Другой основной способ манипулировать AS заключается в использовании антисмысловых олигонуклеотидов, что пары с определенными регионами пре-мРНК. По сравнению с этим существующим способом, то ESFS может вызвать длительное воздействие в стабильно трансфецированных клетках. Кроме того, в естественных условиях доставки ESF может воспользоваться увеличением арсенала векторов генной терапии, в то время как в естественных условиях доставки антисмысловых олигонуклеотидов очень трудно контролировать. Кроме того, этот метод может избежать сложных и дорогостоящих модификаций олигонуклеотидов. Используя различные индуцируемые промоторы, более точный контроль экспрессии ФЭБА в правильных типах клеток и в правильное время также может быть достигнут. Основным недостатком этого способа является относительно низкая специфичность (сайт узнавания 8-нт по сравнению с сайтом распознавания с 16- до 20-нт в типичных антисмысловых олигонуклеотидов).
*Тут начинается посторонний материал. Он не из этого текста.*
(* f(g) = #{ (g_1..g_k) in N^k : sum g_i = g, g_i <= alpha_i g } ;
   each g_i <= g, so it suffices to range over 'I_(g+1)^k *)
Definition fcount (g : nat) : nat :=
  #|[set t : {ffun 'I_k -> 'I_g.+1} |
      ((\sum_(i < k) (t i : nat))%N == g)
      && [forall i, ((t i : nat)%:R : rat) <= alpha i * g%:R]]|.

Definition denom_poly : {poly int} := \prod_(i < k) (1 - 'X^(Nn %/ nn i)).
Definition numer_poly : {poly int} := \sum_(a in Aset) 'X^(bexp a).

End Defs.

From Pilot Require Import Defs.
From HB Require Import structures.
From mathcomp Require Import all_boot all_order all_algebra.
From mathcomp Require Import ring.
Import Order.TTheory GRing.Theory Num.Theory.
Set Implicit Arguments. Unset Strict Implicit. Unset Printing Implicit Defensive.
Local Open Scope ring_scope.

(* Write A = N (sum alpha_i - 1) and, for x in Q^k, beta(x) = (N/A) sum_i x_i / n_i
   and coord(x)_j = alpha_j beta(x) - x_j / n_j.  Call x a lattice point of height G if
   all coord(x)_j are integers and beta(x) = G.  The proof has three counting steps:
   1. [point G] : g |-> (n_j (alpha_j G - g_j))_j and [coord] are inverse bijections
      between the tuples counted by f(G) and the nonnegative lattice points of height G
      (nonnegativity of coord uses that any k-1 of the alpha_i sum to at most 1);
   2. adding A to the coordinates in S raises the height by d_S = sum_(i in S) N/n_i
      and preserves lattice points, so the lattice points of height g with x_i >= A on
      S are counted by f(g - d_S);
   3. the lattice points of height g with all x_i < A are the a in \mathcal{A} with
      b(a) = g.
   Since the coefficient of x^j in prod_i (1 - x^(N/n_i)) is sum_S (-1)^|S| [d_S = j],
   inclusion-exclusion over S yields coefficientwise F(x) prod_i (1 - x^(N/n_i)) =
   sum_(a in \mathcal{A}) x^(b(a)). *)

Lemma card_set_bij (T U : finType) (P : pred T) (Q : pred U) (f : T -> U) (h : U -> T) :
  (forall x, P x -> Q (f x)) -> (forall y, Q y -> P (h y)) ->
  (forall x, P x -> h (f x) = x) -> (forall y, Q y -> f (h y) = y) ->
  #|[set x | P x]| = #|[set y | Q y]|.
Proof.
move=> PQ QP fK hK.
rewrite -(card_in_imset (f := f) (D := [set x | P x])); last first.
  by move=> x1 x2; rewrite !inE => P1 P2 e; rewrite -(fK _ P1) -(fK _ P2) e.
apply: eq_card => y; rewrite inE; apply/imsetP/idP => [[x] | Qy].
  by rewrite inE => Px ->; apply: PQ.
by exists (h y); rewrite ?inE ?hK //; apply: QP.
Qed.

Lemma sum_sign_subsets (R : comPzRingType) (I : finType) (T : {set I}) :
  \sum_(S : {set I} | S \subset T) (-1) ^+ #|S| = (T == set0)%:R :> R.
Proof.
have expand := @bigA_distr R 0 1 *%R +%R I (fun i => if i \in T then -1 else 0) (fun=> 1).
simpl in expand; rewrite big_mkcond /=.
transitivity (\sum_(S : {set I})
   \prod_i (if i \in S then (if i \in T then -1 else 0) else 1) : R).
  apply: eq_bigr => S _; rewrite -big_mkcond /=.
  case: (boolP (S \subset T)) => [sST | /subsetPn[i iS iT]].
    by rewrite -prodr_const; apply: eq_bigr => i iS; rewrite (subsetP sST).
  by rewrite (bigD1 i) //= (negbTE iT) mul0r.
rewrite -expand; have [->|[t tT]] := set_0Vmem T.
  by rewrite eqxx big1 // => i _; rewrite inE add0r.
have /negbTE-> : T != set0 by apply/set0Pn; exists t.
by rewrite (bigD1 t) //= tT addNr mul0r.
Qed.

Lemma inclusion_exclusion (R : comPzRingType) (X I : finType) (P : pred X) (T : X -> {set I}) :
  \sum_(S : {set I}) (-1) ^+ #|S| * #|[set x | P x & S \subset T x]|%:R
    = #|[set x | P x & T x == set0]|%:R :> R.
Proof.
have card_sum (Q : pred X) : #|[set x | Q x]|%:R = \sum_x (Q x)%:R :> R.
  rewrite -sum1_card natr_sum big_mkcond /=.
  by apply: eq_bigr => x _; rewrite inE; case: (Q x).
rewrite card_sum; under eq_bigr => S _ do rewrite card_sum mulr_sumr.
rewrite exchange_big; apply: eq_bigr => x _ /=.
case: (P x) => /=; last by rewrite big1 // => S _; rewrite mulr0.
rewrite -(sum_sign_subsets R (T x)) [RHS]big_mkcond /=; apply: eq_bigr => S _.
by case: (S \subset T x); rewrite ?mulr1 ?mulr0.
Qed.

Lemma natq_numq (x : rat) : x \is a Num.nat -> (`|numq x|%N)%:R = x.
Proof.
rewrite natrEint => /andP[x_int x_ge0].
by rewrite -[RHS](numqK x_int) -[in RHS](gez0_abs (_ : 0 <= numq x)) ?numq_ge0.
Qed.

Section LatticePoints.
Variable k : nat.
Local Notation vec := {ffun 'I_k -> rat}.

Definition ratv m (c : {ffun 'I_k -> 'I_m}) : vec := [ffun i => (c i)%:R].

Definition inbox m (x : vec) : bool :=
  [forall i, (x i \is a Num.nat) && (x i < m%:R)].
Lemma pack_packed u : packed (pack u).
Proof.
set d := sort leq (undup u).
have mem_d a : (a \in d) = (a \in u) by rewrite mem_sort mem_undup.
apply/andP; split; first by apply/mapP=> -[].
apply/allP=> k; rewrite mem_iota add1n ltnS => /andP[k_gt0 k_le].
have max_le : \max_(a <- pack u) a <= size d.
  by apply/bigmax_leqP_seq=> _ /mapP[a au ->] _; rewrite index_mem mem_d.
have k_lt : k.-1 < size d by rewrite prednK // (leq_trans k_le).
have d_uniq : uniq d by rewrite sort_uniq undup_uniq.
apply/mapP; exists (nth 0 d k.-1); first by rewrite -mem_d mem_nth.
by rewrite index_uniq // prednK.
Qed.

Lemma same_pattern_pack u : same_pattern (pack u) u.
Proof.
move=> i j; rewrite size_pack => iu ju; rewrite !(nth_map 0) // ltnS.
have mem_d a : (a \in sort leq (undup u)) = (a \in u).
  by rewrite mem_sort mem_undup.
rewrite (sorted_index_leq leqnn anti_leq leq_trans) ?mem_d ?mem_nth //.
exact/sort_sorted/leq_total.
Qed.

Lemma packed_word_of_preorder (T : finType) (r : rel T) n (f : T -> 'I_n) :
  transitive r -> total r -> bijective f ->
  exists w, [/\ size w = n, packed w &
    forall x y, (nth 0 w (f x) <= nth 0 w (f y)) = r x y].
Proof.
move=> r_trans r_total [f' fK f'K].
pose u := [seq #|[set z | r z (f' i)]| | i <- enum 'I_n].
have size_u : size u = n by rewrite size_map size_enum_ord.
exists (pack u); split; rewrite ?size_pack ?pack_packed // => x y.
rewrite same_pattern_pack ?size_pack ?size_u //.
rewrite /u !(nth_map (f x)) -?enumT ?size_enum_ord // !nth_ord_enum !fK.
by rewrite -card_lower_set_mono.
Qed.

Section WeakPlanePoset.

Variables (T : finType) (le1 le2 : rel T).
Hypothesis wpp : weak_plane_poset le1 le2.

Let le1_refl : reflexive le1. Proof. by case: wpp => [[[]]]. Qed.
Let le1_anti : antisymmetric le1. Proof. by case: wpp => [[[_ []]]]. Qed.
Let le1_trans : transitive le1. Proof. by case: wpp => [[[_ []]]]. Qed.
Let le2_refl : reflexive le2. Proof. by case: wpp => [[_ []]]. Qed.
Let le2_anti : antisymmetric le2. Proof. by case: wpp => [[_ [_ []]]]. Qed.
Let le2_trans : transitive le2. Proof. by case: wpp => [[_ [_ []]]]. Qed.
Let le1_le2_eq x y : le1 x y -> le2 x y -> x = y.
Proof. by case: wpp => [_ [eq12 _]]; apply: eq12. Qed.
Let qrel_total : total (qrel le1 le2).
Proof. by case: wpp => [_ [_ [_ []]]]. Qed.

Lemma llrel_total : total (llrel le1 le2).
Proof.
move=> x y; move: (qrel_total x y); rewrite /llrel /qrel.
by case/orP=> /orP[] ->; rewrite ?orbT.
Qed.

Lemma llrel_porder : is_porder (llrel le1 le2).
Proof.
split; first by move=> x; rewrite /llrel le2_refl orbT.
split=> [x y | y x z]; rewrite /llrel.
  case/andP=> /orP[le_yx | le_xy] /orP[le_xy' | le_yx'].
  - by apply: le1_anti; rewrite le_yx le_xy'.
  - exact/esym/le1_le2_eq.
  - exact: le1_le2_eq.
  - by apply: le2_anti; rewrite le_xy le_yx'.
(* In the mixed cases, comparing x and z for ⪯ either concludes or forces
   y to be <=_1- and <=_2-below x or z, i.e. equal to it. *)
case/orP=> [le_yx | le_xy] /orP[le_zy | le_yz].
- by rewrite (le1_trans le_zy le_yx).
- have [/orP[le_xz | le_xz] | /orP[le_zx | le_zx]] := orP (qrel_total x z);
    rewrite ?le_xz ?le_zx ?orbT //.
  + by rewrite -(le1_le2_eq (le1_trans le_yx le_xz) le_yz) le_yx.
  + by rewrite -(le1_le2_eq le_yx (le2_trans le_yz le_zx)) le_yz orbT.
- have [/orP[le_xz | le_xz] | /orP[le_zx | le_zx]] := orP (qrel_total x z);
    rewrite ?le_xz ?le_zx ?orbT //.
  + by rewrite (le1_le2_eq (le1_trans le_xz le_zy) le_xy) le_zy.
  + by rewrite (le1_le2_eq le_zy (le2_trans le_zx le_xy)) le_xy orbT.
- by rewrite (le2_trans le_xy le_yz) orbT.
Qed.

Lemma le1_llrel_qrel x y : le1 x y = llrel le1 le2 y x && qrel le1 le2 x y.
Proof.
rewrite /llrel /qrel -orb_andr.
by apply/idP/orP=> [-> | [// | /le2_anti ->]]; [left | apply: le1_refl].
Qed.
Дисрегуляция альтернативного сплайсинга приводит к развитию многих заболеваний, в том числе рака ^{26, 27.} Геномная шириной исследование показало более 15000 опухолеассоциированных варианты сплайсинга в различных типах рака ^{28, 29, 30.} Например, интронныеМутации участка сплайсинга генов-супрессоров опухолей часто вызывают события пропуска экзона и производят аберрантные белки, которые могут способствовать возникновению опухоли ^{26 , 31 , 32} . Более того, некоторые факторы сращивания оказываются сверхэкспрессируемыми во многих типах рака, что способствует трансформации клеток ^{33 , 34} , что указывает на то, что факторы сращивания также могут играть важную роль в биогенезе рака. Таким образом, помимо предоставления полезного инструмента для модуляции функции гена, манипуляции сплайсинга с дизайнерскими ESFs могут восстановить нерегулируемые события сплайсинга при раке, таким образом обеспечивая потенциальный терапевтический инструмент. Кроме того, путем слияния домена PUF-дизайнера с различными функциональными доменами можно разработать несколько искусственных факторов, которые манипулируют различными процессами метаболизма РНК. Например, слияние трансляционного активатора (GLD2) или трансляционного представителяressor (CAF1) с доменом ППУ производства новых факторов , которые могут активировать или ингибировать мРНК перевода ^27. Используя ту же самую основную дизайн, мы объединили неспецифический домен РНК - эндонуклеазы (PIN) с серией конструктора ППУ доменов , чтобы генерировать искусственный сайт-специфические эндонуклеазы РНК (ASREs) , которые функционируют аналогично ограничению ДНК ферментов ^17.

Авторы не имеют ничего раскрывать.

Эта работа была поддержана грантом NIH R01-CA158283 и грантом 31400726 NSFC для ZWYW, финансируется Программой талантов молодых тысяч и Национальным фондом естественных наук Китая (гранты 31471235 и 81422038). XY финансируется научным фондом постдокторантов Китая (2015M571612).